» TO DO
An exact restatement of the records below is expected.

» RECORDS TO PROCESS
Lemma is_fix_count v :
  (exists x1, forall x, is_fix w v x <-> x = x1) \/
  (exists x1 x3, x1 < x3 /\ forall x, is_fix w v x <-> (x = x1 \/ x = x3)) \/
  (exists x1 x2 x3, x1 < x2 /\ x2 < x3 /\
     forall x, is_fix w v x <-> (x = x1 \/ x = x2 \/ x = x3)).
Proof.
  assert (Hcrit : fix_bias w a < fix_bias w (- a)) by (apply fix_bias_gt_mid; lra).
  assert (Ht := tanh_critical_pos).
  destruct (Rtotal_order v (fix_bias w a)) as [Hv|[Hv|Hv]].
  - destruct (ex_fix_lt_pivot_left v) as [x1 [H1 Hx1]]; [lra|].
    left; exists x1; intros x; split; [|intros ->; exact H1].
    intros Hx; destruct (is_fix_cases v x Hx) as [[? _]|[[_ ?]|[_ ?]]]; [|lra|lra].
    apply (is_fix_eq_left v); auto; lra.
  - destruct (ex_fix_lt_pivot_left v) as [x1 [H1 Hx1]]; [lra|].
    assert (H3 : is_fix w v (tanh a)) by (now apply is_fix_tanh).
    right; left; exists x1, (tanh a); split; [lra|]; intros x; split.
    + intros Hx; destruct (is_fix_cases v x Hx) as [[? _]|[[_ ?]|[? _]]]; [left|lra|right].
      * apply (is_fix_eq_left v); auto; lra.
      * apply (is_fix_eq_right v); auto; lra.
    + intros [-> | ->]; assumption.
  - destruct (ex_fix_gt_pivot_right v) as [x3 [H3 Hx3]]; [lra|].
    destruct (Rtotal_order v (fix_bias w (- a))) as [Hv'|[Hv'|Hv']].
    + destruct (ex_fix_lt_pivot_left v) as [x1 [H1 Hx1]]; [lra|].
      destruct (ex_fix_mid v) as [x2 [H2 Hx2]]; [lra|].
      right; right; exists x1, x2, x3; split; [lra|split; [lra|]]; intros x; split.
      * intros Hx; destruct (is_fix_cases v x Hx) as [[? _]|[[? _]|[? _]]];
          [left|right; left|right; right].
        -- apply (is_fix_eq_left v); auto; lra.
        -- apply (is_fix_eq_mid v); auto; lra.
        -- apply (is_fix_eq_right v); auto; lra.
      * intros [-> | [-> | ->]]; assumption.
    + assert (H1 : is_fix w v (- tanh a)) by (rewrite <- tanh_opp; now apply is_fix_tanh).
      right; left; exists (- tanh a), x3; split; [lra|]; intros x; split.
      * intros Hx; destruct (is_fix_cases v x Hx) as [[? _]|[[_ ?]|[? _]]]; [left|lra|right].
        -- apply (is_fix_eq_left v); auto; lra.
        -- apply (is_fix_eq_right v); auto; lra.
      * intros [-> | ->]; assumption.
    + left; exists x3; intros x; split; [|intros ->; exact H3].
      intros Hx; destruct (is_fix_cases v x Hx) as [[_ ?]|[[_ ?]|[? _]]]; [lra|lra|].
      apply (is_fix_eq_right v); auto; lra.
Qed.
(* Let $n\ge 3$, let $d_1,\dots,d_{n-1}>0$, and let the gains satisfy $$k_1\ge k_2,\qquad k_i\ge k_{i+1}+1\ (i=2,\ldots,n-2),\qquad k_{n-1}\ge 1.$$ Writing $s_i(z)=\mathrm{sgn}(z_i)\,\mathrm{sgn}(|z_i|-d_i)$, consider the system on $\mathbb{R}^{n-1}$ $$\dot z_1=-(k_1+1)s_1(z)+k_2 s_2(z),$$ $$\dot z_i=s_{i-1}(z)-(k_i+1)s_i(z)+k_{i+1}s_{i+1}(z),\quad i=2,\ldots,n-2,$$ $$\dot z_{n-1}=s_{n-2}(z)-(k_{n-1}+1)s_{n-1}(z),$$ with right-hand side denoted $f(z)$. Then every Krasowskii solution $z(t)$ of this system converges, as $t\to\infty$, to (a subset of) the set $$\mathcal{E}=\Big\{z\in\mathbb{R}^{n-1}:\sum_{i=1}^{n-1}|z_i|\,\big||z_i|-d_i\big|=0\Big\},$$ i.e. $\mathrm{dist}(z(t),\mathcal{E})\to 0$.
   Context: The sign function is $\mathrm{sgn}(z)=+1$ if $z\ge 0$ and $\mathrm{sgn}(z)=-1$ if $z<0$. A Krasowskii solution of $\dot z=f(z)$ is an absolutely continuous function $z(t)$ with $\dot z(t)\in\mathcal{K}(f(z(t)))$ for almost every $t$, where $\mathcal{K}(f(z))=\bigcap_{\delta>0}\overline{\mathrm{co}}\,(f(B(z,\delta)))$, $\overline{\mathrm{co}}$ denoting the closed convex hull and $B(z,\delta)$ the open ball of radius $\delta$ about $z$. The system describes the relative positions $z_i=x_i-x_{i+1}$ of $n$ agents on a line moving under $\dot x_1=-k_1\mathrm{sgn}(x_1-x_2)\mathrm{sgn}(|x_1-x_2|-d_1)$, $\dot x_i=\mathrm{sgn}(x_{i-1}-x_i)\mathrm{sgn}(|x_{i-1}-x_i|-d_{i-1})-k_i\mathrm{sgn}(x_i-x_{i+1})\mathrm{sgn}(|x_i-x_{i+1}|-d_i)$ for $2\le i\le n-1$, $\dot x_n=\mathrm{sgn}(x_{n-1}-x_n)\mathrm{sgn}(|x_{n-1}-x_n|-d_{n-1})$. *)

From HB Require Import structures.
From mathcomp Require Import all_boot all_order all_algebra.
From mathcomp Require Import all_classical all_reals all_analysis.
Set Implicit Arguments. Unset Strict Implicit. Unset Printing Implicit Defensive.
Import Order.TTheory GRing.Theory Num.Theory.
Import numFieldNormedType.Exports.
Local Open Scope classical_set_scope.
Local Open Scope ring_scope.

» YOUR RESPONSE
Lemma is_fix_count v :
  (exists x1, forall x, is_fix w v x <-> x = x1) \/
  (exists x1 x3, x1 < x3 /\ forall x, is_fix w v x <-> (x = x1 \/ x = x3)) \/
  (exists x1 x2 x3, x1 < x2 /\ x2 < x3 /\
     forall x, is_fix w v x <-> (x = x1 \/ x = x2 \/ x = x3)).
Proof.
  assert (Hcrit : fix_bias w a < fix_bias w (- a)) by (apply fix_bias_gt_mid; lra).
  assert (Ht := tanh_critical_pos).
  destruct (Rtotal_order v (fix_bias w a)) as [Hv|[Hv|Hv]].
  - destruct (ex_fix_lt_pivot_left v) as [x1 [H1 Hx1]]; [lra|].
    left; exists x1; intros x; split; [|intros ->; exact H1].
    intros Hx; destruct (is_fix_cases v x Hx) as [[? _]|[[_ ?]|[_ ?]]]; [|lra|lra].
    apply (is_fix_eq_left v); auto; lra.
  - destruct (ex_fix_lt_pivot_left v) as [x1 [H1 Hx1]]; [lra|].
    assert (H3 : is_fix w v (tanh a)) by (now apply is_fix_tanh).
    right; left; exists x1, (tanh a); split; [lra|]; intros x; split.
    + intros Hx; destruct (is_fix_cases v x Hx) as [[? _]|[[_ ?]|[? _]]]; [left|lra|right].
      * apply (is_fix_eq_left v); auto; lra.
      * apply (is_fix_eq_right v); auto; lra.
    + intros [-> | ->]; assumption.
  - destruct (ex_fix_gt_pivot_right v) as [x3 [H3 Hx3]]; [lra|].
    destruct (Rtotal_order v (fix_bias w (- a))) as [Hv'|[Hv'|Hv']].
    + destruct (ex_fix_lt_pivot_left v) as [x1 [H1 Hx1]]; [lra|].
      destruct (ex_fix_mid v) as [x2 [H2 Hx2]]; [lra|].
      right; right; exists x1, x2, x3; split; [lra|split; [lra|]]; intros x; split.
      * intros Hx; destruct (is_fix_cases v x Hx) as [[? _]|[[? _]|[? _]]];
          [left|right; left|right; right].
        -- apply (is_fix_eq_left v); auto; lra.
        -- apply (is_fix_eq_mid v); auto; lra.
        -- apply (is_fix_eq_right v); auto; lra.
      * intros [-> | [-> | ->]]; assumption.
    + assert (H1 : is_fix w v (- tanh a)) by (rewrite <- tanh_opp; now apply is_fix_tanh).
      right; left; exists (- tanh a), x3; split; [lra|]; intros x; split.
      * intros Hx; destruct (is_fix_cases v x Hx) as [[? _]|[[_ ?]|[? _]]]; [left|lra|right].
        -- apply (is_fix_eq_left v); auto; lra.
        -- apply (is_fix_eq_right v); auto; lra.
      * intros [-> | ->]; assumption.
    + left; exists x3; intros x; split; [|intros ->; exact H3].
      intros Hx; destruct (is_fix_cases v x Hx) as [[_ ?]|[[_ ?]|[? _]]]; [lra|lra|].
      apply (is_fix_eq_right v); auto; lra.
Qed.
(* Let $n\ge 3$, let $d_1,\dots,d_{n-1}>0$, and let the gains satisfy $$k_1\ge k_2,\qquad k_i\ge k_{i+1}+1\ (i=2,\ldots,n-2),\qquad k_{n-1}\ge 1.$$ Writing $s_i(z)=\mathrm{sgn}(z_i)\,\mathrm{sgn}(|z_i|-d_i)$, consider the system on $\mathbb{R}^{n-1}$ $$\dot z_1=-(k_1+1)s_1(z)+k_2 s_2(z),$$ $$\dot z_i=s_{i-1}(z)-(k_i+1)s_i(z)+k_{i+1}s_{i+1}(z),\quad i=2,\ldots,n-2,$$ $$\dot z_{n-1}=s_{n-2}(z)-(k_{n-1}+1)s_{n-1}(z),$$ with right-hand side denoted $f(z)$. Then every Krasowskii solution $z(t)$ of this system converges, as $t\to\infty$, to (a subset of) the set $$\mathcal{E}=\Big\{z\in\mathbb{R}^{n-1}:\sum_{i=1}^{n-1}|z_i|\,\big||z_i|-d_i\big|=0\Big\},$$ i.e. $\mathrm{dist}(z(t),\mathcal{E})\to 0$.
   Context: The sign function is $\mathrm{sgn}(z)=+1$ if $z\ge 0$ and $\mathrm{sgn}(z)=-1$ if $z<0$. A Krasowskii solution of $\dot z=f(z)$ is an absolutely continuous function $z(t)$ with $\dot z(t)\in\mathcal{K}(f(z(t)))$ for almost every $t$, where $\mathcal{K}(f(z))=\bigcap_{\delta>0}\overline{\mathrm{co}}\,(f(B(z,\delta)))$, $\overline{\mathrm{co}}$ denoting the closed convex hull and $B(z,\delta)$ the open ball of radius $\delta$ about $z$. The system describes the relative positions $z_i=x_i-x_{i+1}$ of $n$ agents on a line moving under $\dot x_1=-k_1\mathrm{sgn}(x_1-x_2)\mathrm{sgn}(|x_1-x_2|-d_1)$, $\dot x_i=\mathrm{sgn}(x_{i-1}-x_i)\mathrm{sgn}(|x_{i-1}-x_i|-d_{i-1})-k_i\mathrm{sgn}(x_i-x_{i+1})\mathrm{sgn}(|x_i-x_{i+1}|-d_i)$ for $2\le i\le n-1$, $\dot x_n=\mathrm{sgn}(x_{n-1}-x_n)\mathrm{sgn}(|x_{n-1}-x_n|-d_{n-1})$. *)

From HB Require Import structures.
From mathcomp Require Import all_boot all_order all_algebra.
From mathcomp Require Import all_classical all_reals all_analysis.
Set Implicit Arguments. Unset Strict Implicit. Unset Printing Implicit Defensive.
Import Order.TTheory GRing.Theory Num.Theory.
Import numFieldNormedType.Exports.
Local Open Scope classical_set_scope.
Local Open Scope ring_scope.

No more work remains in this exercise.